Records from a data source
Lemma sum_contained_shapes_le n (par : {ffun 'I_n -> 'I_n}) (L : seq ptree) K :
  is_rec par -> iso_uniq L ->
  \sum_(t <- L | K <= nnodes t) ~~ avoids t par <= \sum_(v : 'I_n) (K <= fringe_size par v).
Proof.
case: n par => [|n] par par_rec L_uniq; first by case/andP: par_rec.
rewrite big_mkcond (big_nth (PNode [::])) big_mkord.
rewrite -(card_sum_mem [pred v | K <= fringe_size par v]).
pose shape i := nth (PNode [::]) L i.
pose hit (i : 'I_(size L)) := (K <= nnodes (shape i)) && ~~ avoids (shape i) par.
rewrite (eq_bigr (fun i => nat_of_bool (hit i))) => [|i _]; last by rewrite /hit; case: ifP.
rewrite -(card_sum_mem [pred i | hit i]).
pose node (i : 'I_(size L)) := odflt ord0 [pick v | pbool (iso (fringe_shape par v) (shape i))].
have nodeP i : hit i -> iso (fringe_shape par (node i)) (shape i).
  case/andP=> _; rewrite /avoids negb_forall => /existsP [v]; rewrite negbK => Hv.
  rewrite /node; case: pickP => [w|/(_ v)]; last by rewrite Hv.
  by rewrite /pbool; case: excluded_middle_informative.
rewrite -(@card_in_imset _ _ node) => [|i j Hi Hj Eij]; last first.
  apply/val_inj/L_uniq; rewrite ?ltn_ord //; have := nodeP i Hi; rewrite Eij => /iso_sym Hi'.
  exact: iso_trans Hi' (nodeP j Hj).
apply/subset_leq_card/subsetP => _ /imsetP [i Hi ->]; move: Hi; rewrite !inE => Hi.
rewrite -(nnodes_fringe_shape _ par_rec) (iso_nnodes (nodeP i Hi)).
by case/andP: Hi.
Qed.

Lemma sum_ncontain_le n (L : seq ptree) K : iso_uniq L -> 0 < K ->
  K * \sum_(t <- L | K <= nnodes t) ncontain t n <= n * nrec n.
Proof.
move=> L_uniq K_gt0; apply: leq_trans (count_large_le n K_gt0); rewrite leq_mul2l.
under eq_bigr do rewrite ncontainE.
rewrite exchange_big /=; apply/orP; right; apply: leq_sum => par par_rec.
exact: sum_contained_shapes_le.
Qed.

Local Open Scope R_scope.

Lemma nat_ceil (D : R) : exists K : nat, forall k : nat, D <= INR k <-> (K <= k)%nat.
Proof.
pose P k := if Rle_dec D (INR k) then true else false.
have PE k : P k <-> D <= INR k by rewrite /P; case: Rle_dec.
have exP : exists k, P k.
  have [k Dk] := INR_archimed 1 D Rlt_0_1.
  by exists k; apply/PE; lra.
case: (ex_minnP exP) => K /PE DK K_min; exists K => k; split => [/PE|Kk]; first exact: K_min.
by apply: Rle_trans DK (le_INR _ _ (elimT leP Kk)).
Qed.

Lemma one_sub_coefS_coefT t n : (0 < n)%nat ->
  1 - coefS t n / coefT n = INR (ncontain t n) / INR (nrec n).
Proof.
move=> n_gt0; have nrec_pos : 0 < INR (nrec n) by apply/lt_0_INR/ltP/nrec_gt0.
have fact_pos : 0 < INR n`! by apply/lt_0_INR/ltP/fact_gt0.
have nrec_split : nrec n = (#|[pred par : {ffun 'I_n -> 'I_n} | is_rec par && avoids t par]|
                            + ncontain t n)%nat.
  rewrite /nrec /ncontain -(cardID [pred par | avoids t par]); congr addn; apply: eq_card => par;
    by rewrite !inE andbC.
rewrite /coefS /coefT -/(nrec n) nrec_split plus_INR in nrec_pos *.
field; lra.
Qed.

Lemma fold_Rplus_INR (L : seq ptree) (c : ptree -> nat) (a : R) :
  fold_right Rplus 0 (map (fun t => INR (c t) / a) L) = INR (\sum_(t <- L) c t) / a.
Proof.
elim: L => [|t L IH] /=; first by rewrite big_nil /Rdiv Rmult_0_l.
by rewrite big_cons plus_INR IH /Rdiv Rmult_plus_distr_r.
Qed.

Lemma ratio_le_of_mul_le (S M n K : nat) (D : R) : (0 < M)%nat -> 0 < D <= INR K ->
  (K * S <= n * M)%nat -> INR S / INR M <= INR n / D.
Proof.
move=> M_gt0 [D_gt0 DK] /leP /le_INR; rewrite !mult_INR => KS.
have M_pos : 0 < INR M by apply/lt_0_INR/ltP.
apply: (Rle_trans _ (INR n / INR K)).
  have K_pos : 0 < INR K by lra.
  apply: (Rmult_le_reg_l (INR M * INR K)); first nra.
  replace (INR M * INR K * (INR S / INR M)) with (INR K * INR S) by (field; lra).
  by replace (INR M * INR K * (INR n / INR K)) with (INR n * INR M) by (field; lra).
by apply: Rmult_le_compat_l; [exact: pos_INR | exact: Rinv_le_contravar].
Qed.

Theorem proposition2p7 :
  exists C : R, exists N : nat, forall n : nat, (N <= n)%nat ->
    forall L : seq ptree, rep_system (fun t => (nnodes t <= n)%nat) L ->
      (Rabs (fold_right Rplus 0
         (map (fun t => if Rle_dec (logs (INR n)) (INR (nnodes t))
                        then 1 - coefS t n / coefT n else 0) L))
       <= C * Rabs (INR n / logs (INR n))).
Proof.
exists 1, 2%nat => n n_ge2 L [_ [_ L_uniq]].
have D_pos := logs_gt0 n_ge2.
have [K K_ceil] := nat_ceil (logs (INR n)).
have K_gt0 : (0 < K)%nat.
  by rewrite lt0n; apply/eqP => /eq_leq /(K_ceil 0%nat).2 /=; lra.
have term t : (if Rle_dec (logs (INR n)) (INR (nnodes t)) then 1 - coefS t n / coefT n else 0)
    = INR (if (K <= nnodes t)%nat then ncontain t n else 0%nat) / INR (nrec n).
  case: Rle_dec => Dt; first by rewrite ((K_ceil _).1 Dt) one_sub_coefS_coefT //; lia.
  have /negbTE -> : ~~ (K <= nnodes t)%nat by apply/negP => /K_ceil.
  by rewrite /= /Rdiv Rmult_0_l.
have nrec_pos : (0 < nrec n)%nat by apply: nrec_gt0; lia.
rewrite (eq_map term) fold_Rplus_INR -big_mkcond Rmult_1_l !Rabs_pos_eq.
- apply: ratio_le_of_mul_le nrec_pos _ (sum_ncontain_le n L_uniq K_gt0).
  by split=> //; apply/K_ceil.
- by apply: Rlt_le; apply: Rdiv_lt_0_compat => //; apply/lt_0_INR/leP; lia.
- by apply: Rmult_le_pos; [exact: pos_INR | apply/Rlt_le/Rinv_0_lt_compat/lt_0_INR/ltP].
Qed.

→ **Description of the task**: Of the lines above, copy each one that contains the word "first".

→ **Answer**:
case: n par => [|n] par par_rec L_uniq; first by case/andP: par_rec.
rewrite -(@card_in_imset _ _ node) => [|i j Hi Hj Eij]; last first.
case: (ex_minnP exP) => K /PE DK K_min; exists K => k; split => [/PE|Kk]; first exact: K_min.
elim: L => [|t L IH] /=; first by rewrite big_nil /Rdiv Rmult_0_l.
  apply: (Rmult_le_reg_l (INR M * INR K)); first nra.
  case: Rle_dec => Dt; first by rewrite ((K_ceil _).1 Dt) one_sub_coefS_coefT //; lia.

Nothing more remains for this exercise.